Work instruction: Keep only those lines of the records that include the string "Scope".

=== Input ===

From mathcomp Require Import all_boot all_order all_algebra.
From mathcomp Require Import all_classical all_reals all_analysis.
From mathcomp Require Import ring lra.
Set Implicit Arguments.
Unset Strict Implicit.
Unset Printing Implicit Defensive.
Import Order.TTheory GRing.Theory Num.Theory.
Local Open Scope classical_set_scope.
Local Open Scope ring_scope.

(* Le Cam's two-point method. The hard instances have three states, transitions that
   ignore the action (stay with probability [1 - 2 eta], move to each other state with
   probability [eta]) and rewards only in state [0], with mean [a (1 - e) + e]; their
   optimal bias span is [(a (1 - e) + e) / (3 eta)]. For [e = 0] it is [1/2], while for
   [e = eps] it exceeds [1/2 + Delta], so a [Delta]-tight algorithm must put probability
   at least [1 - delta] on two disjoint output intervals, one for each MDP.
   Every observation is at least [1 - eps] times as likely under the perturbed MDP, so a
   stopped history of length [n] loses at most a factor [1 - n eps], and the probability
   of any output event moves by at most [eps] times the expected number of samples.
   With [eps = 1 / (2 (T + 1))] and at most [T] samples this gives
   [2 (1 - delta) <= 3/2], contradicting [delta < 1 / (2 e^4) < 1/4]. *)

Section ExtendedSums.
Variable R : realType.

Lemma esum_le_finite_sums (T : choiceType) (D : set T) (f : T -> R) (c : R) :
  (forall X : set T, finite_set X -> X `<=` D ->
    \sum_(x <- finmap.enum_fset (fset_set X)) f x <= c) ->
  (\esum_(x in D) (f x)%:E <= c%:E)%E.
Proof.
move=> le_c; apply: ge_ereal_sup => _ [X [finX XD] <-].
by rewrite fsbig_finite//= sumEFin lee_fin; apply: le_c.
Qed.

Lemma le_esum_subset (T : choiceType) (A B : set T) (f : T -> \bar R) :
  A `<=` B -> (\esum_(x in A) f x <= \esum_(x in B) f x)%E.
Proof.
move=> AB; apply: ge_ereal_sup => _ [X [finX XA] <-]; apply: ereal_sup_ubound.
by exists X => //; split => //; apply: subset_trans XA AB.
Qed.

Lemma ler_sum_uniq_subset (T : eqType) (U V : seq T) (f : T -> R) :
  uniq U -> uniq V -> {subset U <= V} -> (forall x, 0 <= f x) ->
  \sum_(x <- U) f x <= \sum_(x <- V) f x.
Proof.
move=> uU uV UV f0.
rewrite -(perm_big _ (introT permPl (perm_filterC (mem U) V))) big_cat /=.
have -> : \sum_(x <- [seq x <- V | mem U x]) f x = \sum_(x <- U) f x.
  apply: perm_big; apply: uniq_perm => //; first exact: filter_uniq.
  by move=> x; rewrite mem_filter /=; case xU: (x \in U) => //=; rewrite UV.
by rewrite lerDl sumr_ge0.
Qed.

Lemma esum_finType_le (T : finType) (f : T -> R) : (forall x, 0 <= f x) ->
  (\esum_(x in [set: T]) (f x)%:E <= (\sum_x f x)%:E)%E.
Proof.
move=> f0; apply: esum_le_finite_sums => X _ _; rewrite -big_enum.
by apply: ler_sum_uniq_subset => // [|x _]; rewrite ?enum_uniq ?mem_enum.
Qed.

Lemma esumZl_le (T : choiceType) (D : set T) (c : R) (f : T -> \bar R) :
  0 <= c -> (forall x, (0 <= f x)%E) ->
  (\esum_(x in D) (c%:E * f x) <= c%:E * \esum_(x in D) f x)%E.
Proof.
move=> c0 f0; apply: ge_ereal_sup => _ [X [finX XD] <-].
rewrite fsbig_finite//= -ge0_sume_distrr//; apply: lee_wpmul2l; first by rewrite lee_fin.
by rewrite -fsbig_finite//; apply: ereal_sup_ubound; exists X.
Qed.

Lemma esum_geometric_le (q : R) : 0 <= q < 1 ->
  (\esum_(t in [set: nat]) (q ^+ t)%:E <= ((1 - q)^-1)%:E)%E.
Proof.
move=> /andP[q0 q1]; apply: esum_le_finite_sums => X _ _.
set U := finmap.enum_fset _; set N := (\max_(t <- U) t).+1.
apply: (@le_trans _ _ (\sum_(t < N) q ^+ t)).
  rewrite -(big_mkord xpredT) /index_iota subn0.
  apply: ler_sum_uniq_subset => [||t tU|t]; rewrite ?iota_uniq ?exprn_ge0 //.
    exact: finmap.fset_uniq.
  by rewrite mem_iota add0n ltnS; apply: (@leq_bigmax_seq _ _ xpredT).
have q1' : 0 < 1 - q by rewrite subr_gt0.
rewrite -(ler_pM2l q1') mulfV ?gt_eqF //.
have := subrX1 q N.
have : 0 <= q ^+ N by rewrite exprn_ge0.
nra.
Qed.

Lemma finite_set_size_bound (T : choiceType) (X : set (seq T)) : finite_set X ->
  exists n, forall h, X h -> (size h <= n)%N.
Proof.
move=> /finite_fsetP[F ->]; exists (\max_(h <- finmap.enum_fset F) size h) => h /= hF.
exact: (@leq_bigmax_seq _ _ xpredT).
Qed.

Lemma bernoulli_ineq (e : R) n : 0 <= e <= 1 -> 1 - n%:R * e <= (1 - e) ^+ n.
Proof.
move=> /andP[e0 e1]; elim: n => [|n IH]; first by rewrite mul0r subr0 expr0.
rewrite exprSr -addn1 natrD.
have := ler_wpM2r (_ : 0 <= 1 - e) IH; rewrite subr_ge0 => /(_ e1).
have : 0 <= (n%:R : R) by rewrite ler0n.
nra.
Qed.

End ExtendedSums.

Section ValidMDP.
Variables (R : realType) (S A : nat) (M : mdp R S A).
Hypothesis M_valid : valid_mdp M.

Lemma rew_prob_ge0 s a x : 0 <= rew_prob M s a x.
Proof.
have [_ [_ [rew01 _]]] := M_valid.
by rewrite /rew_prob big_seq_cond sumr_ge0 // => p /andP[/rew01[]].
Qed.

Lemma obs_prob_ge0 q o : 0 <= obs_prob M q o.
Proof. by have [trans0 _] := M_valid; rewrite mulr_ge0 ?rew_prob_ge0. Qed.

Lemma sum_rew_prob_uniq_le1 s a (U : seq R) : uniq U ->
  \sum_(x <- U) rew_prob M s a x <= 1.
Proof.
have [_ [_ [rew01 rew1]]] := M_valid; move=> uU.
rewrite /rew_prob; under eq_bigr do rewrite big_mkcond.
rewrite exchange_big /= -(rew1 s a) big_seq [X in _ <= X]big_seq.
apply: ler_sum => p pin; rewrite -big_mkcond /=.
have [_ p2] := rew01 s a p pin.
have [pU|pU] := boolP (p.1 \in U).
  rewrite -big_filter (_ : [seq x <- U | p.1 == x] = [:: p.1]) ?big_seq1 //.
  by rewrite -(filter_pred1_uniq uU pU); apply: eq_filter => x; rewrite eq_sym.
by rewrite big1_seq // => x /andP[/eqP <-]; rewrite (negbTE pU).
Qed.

===

Response to the task:
Local Open Scope classical_set_scope.
Local Open Scope ring_scope.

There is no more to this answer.